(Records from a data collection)

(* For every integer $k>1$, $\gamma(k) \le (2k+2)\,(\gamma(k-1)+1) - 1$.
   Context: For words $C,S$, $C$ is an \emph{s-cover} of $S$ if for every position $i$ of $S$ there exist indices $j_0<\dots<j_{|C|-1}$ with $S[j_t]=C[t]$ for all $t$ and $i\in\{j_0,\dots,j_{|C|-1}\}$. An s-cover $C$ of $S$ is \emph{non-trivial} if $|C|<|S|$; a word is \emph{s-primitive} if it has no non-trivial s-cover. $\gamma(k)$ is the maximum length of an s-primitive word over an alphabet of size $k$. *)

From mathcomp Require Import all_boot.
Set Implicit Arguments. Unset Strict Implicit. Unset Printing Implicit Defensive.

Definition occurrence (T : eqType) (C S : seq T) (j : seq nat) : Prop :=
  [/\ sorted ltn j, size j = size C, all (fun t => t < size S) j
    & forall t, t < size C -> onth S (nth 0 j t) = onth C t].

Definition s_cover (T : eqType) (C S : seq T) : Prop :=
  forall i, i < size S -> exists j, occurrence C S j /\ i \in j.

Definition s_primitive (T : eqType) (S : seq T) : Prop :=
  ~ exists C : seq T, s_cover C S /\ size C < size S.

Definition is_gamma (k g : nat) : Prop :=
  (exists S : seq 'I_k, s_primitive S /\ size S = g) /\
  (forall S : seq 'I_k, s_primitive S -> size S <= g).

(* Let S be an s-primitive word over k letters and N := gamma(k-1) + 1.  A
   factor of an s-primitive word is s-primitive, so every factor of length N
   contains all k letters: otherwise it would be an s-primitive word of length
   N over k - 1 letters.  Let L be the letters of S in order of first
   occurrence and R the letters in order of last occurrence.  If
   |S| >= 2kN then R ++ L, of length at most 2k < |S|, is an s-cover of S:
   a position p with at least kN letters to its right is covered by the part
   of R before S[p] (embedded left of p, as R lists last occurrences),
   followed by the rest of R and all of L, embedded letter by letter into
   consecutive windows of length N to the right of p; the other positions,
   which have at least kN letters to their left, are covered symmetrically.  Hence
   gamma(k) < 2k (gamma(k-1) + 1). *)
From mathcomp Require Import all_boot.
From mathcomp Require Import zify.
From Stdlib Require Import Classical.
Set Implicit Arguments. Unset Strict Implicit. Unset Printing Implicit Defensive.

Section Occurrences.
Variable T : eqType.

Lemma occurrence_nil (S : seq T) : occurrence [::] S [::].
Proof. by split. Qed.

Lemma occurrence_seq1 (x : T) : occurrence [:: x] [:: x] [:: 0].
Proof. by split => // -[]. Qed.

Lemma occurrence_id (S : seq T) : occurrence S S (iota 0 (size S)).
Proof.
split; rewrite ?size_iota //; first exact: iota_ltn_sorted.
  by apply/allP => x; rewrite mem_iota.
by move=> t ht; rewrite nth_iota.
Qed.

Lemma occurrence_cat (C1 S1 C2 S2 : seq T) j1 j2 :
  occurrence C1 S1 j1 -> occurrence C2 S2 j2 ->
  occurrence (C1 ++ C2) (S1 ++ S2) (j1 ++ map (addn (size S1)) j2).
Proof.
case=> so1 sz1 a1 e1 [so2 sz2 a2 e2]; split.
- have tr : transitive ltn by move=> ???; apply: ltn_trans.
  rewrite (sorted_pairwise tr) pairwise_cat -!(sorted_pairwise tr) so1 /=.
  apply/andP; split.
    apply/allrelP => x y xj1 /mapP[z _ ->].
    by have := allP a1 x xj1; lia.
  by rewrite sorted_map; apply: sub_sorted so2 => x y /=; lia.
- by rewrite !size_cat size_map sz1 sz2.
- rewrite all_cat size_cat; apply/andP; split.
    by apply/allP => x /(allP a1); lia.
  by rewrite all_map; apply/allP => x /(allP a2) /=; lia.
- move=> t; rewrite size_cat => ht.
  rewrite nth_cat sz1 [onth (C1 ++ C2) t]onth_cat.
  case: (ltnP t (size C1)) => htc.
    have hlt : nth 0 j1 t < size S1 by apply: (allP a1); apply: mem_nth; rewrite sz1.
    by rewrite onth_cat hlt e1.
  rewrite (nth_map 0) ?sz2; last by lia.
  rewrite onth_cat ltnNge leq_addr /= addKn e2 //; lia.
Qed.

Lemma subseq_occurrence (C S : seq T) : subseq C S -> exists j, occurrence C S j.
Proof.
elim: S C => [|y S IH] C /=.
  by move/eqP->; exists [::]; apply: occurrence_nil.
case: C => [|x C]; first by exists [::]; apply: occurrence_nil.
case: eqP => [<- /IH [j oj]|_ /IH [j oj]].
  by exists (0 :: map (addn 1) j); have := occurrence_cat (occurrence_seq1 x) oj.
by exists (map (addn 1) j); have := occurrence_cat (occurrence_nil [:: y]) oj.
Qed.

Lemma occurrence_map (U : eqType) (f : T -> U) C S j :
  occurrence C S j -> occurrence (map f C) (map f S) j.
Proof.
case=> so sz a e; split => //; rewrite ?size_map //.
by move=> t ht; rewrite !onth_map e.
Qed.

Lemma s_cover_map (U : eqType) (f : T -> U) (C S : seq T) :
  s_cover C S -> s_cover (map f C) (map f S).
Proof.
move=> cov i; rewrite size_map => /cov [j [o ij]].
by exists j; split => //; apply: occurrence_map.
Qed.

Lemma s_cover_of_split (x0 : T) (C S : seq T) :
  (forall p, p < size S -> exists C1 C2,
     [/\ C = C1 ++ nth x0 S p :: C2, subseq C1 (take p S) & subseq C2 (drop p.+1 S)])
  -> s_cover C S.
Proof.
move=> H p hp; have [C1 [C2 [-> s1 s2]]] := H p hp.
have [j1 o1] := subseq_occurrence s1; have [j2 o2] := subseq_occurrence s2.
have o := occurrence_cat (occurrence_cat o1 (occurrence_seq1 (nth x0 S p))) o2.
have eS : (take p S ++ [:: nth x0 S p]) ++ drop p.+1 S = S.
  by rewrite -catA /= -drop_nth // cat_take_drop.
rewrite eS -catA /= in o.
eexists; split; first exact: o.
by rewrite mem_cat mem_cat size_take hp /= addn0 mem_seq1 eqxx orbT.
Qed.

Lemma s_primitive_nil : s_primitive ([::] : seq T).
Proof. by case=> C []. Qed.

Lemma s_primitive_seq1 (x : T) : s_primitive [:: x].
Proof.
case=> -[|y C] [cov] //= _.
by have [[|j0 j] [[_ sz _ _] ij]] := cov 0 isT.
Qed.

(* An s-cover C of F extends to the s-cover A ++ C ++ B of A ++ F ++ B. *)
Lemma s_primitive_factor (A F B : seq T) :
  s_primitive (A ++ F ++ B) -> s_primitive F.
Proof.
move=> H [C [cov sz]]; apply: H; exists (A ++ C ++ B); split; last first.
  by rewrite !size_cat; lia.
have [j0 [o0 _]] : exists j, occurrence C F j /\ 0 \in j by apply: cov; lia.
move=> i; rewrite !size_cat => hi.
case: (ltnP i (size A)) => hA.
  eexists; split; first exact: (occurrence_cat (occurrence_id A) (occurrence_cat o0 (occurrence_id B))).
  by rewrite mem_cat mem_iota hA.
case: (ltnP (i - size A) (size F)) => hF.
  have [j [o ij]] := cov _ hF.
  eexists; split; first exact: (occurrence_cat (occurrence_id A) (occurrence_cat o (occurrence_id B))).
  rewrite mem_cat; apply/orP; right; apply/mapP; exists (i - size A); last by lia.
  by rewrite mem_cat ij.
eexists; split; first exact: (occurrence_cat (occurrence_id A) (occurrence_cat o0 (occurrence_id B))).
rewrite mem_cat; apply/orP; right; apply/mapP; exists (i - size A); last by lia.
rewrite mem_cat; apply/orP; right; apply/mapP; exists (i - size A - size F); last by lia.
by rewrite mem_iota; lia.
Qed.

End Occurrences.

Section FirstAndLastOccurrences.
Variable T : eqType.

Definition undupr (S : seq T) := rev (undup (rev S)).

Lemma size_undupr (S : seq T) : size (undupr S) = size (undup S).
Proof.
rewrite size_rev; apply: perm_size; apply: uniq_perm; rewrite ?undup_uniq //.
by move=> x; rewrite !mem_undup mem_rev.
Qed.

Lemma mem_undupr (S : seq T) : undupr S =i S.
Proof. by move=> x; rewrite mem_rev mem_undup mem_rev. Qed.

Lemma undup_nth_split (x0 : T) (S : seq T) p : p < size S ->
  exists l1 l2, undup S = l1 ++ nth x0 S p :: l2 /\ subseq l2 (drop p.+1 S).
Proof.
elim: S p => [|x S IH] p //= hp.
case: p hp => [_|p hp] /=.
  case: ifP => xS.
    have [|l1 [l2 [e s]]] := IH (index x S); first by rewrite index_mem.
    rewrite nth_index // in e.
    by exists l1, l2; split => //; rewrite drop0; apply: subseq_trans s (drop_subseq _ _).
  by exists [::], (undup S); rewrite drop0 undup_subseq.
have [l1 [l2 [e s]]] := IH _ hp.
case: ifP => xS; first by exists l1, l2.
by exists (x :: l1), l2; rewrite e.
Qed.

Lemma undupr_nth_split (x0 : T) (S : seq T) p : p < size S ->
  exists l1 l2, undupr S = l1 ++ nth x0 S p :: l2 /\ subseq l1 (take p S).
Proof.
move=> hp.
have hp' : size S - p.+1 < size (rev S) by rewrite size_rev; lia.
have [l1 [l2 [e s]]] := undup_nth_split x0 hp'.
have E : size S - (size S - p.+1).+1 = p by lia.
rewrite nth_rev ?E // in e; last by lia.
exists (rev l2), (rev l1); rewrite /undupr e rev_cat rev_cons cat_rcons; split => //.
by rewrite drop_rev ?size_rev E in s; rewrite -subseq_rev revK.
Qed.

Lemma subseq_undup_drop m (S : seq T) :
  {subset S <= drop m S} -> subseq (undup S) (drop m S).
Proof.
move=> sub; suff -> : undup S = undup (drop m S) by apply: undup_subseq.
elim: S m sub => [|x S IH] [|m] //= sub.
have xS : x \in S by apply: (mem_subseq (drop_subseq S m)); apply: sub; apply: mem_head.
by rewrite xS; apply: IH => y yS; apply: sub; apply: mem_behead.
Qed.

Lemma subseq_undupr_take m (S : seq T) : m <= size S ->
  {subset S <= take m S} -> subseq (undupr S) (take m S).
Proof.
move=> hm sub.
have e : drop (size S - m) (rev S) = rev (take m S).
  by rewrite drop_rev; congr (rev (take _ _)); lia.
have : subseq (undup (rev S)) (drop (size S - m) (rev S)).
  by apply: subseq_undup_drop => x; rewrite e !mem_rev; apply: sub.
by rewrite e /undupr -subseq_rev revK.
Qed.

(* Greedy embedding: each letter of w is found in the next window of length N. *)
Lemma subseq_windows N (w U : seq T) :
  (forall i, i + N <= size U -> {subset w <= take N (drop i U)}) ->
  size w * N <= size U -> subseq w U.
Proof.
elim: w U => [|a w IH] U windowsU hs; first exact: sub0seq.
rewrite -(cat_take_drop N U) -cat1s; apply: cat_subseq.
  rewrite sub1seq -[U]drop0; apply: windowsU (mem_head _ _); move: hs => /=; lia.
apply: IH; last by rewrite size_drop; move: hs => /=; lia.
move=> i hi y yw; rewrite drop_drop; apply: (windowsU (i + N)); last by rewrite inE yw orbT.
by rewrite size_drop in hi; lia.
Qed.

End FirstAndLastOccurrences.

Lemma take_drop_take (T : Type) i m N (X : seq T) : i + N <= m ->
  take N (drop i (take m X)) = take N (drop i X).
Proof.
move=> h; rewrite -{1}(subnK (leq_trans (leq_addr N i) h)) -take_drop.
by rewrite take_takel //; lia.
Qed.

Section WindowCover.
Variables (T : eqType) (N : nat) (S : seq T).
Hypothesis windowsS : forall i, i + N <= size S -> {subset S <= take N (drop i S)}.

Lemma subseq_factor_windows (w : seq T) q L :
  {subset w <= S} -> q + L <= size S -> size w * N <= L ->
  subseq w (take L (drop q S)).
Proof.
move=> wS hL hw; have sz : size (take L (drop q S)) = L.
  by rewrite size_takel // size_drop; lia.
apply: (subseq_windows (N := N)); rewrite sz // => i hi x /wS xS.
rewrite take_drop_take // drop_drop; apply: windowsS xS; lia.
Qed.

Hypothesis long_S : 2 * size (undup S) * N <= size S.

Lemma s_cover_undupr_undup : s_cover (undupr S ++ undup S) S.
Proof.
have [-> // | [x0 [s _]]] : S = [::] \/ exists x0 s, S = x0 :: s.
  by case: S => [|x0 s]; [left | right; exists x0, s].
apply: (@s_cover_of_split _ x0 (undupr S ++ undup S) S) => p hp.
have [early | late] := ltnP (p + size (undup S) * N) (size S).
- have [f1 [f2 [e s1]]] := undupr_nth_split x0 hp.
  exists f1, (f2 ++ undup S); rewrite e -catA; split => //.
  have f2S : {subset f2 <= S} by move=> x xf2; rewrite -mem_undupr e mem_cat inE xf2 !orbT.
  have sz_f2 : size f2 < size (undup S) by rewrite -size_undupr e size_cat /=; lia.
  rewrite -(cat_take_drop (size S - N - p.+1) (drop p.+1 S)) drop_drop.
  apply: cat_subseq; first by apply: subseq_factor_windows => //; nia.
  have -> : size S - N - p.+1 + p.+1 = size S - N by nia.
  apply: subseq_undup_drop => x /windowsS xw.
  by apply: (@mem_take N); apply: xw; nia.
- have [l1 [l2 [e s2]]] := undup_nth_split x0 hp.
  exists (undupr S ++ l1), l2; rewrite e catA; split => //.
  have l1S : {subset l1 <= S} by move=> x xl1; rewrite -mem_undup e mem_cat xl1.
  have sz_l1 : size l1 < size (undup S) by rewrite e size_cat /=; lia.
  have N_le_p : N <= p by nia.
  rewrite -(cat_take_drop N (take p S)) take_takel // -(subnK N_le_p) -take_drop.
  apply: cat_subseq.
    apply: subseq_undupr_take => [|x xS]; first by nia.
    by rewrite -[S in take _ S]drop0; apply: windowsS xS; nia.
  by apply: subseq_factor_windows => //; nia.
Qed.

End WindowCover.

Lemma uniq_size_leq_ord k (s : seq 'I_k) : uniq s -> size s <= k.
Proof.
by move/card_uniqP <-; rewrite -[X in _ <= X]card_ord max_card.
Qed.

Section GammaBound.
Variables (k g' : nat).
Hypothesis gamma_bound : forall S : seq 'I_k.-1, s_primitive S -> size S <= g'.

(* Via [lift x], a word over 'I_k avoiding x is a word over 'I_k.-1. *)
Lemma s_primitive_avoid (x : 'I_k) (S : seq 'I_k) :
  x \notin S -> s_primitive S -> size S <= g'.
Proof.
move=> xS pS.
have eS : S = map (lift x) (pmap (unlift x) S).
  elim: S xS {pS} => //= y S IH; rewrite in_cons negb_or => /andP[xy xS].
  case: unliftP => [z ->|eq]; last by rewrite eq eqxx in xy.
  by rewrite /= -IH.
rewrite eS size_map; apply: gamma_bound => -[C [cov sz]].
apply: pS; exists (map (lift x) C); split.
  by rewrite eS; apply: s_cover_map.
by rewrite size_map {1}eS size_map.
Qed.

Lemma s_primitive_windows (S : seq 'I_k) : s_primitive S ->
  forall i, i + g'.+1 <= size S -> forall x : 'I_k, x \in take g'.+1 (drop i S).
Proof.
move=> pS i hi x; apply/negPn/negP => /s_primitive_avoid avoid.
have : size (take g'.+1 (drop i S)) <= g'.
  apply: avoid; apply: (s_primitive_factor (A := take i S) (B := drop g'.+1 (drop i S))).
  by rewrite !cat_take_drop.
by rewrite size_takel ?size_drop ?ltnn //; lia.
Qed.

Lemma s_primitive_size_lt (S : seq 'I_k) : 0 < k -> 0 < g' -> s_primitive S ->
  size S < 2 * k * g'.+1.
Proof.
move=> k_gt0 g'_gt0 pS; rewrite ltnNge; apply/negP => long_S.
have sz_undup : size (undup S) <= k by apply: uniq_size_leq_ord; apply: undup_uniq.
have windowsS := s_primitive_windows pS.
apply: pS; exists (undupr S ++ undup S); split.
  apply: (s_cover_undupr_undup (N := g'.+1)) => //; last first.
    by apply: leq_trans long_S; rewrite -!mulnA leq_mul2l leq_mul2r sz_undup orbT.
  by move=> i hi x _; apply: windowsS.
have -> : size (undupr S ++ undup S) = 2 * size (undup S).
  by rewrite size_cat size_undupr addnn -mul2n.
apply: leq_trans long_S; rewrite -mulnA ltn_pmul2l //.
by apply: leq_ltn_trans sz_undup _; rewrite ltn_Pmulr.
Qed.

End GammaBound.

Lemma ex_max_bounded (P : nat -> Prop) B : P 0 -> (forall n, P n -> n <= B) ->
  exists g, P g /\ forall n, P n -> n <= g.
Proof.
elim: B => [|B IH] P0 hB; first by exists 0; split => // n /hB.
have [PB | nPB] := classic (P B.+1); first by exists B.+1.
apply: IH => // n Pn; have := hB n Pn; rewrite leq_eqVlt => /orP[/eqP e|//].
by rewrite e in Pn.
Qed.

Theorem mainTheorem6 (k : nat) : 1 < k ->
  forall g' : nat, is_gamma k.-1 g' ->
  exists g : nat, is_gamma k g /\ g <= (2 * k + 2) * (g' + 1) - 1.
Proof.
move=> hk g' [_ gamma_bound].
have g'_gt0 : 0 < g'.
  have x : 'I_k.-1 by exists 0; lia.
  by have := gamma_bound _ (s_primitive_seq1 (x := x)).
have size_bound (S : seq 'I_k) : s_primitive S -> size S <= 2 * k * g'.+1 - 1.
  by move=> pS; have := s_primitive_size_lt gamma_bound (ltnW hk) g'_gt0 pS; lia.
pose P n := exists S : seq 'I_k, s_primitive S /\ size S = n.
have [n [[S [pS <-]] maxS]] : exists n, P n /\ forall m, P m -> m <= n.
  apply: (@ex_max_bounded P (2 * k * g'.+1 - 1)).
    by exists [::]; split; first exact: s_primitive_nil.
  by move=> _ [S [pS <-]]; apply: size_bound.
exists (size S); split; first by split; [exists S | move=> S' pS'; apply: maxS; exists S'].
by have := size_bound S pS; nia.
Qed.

Task prompt:
Here the job is to transcribe the lines from the first line of the data through the line containing "which have at", inclusive, exactly and with nothing else.

Response to this task:
(* For every integer $k>1$, $\gamma(k) \le (2k+2)\,(\gamma(k-1)+1) - 1$.
   Context: For words $C,S$, $C$ is an \emph{s-cover} of $S$ if for every position $i$ of $S$ there exist indices $j_0<\dots<j_{|C|-1}$ with $S[j_t]=C[t]$ for all $t$ and $i\in\{j_0,\dots,j_{|C|-1}\}$. An s-cover $C$ of $S$ is \emph{non-trivial} if $|C|<|S|$; a word is \emph{s-primitive} if it has no non-trivial s-cover. $\gamma(k)$ is the maximum length of an s-primitive word over an alphabet of size $k$. *)

From mathcomp Require Import all_boot.
Set Implicit Arguments. Unset Strict Implicit. Unset Printing Implicit Defensive.

Definition occurrence (T : eqType) (C S : seq T) (j : seq nat) : Prop :=
  [/\ sorted ltn j, size j = size C, all (fun t => t < size S) j
    & forall t, t < size C -> onth S (nth 0 j t) = onth C t].

Definition s_cover (T : eqType) (C S : seq T) : Prop :=
  forall i, i < size S -> exists j, occurrence C S j /\ i \in j.

Definition s_primitive (T : eqType) (S : seq T) : Prop :=
  ~ exists C : seq T, s_cover C S /\ size C < size S.

Definition is_gamma (k g : nat) : Prop :=
  (exists S : seq 'I_k, s_primitive S /\ size S = g) /\
  (forall S : seq 'I_k, s_primitive S -> size S <= g).

(* Let S be an s-primitive word over k letters and N := gamma(k-1) + 1.  A
   factor of an s-primitive word is s-primitive, so every factor of length N
   contains all k letters: otherwise it would be an s-primitive word of length
   N over k - 1 letters.  Let L be the letters of S in order of first
   occurrence and R the letters in order of last occurrence.  If
   |S| >= 2kN then R ++ L, of length at most 2k < |S|, is an s-cover of S:
   a position p with at least kN letters to its right is covered by the part
   of R before S[p] (embedded left of p, as R lists last occurrences),
   followed by the rest of R and all of L, embedded letter by letter into
   consecutive windows of length N to the right of p; the other positions,
   which have at least kN letters to their left, are covered symmetrically.  Hence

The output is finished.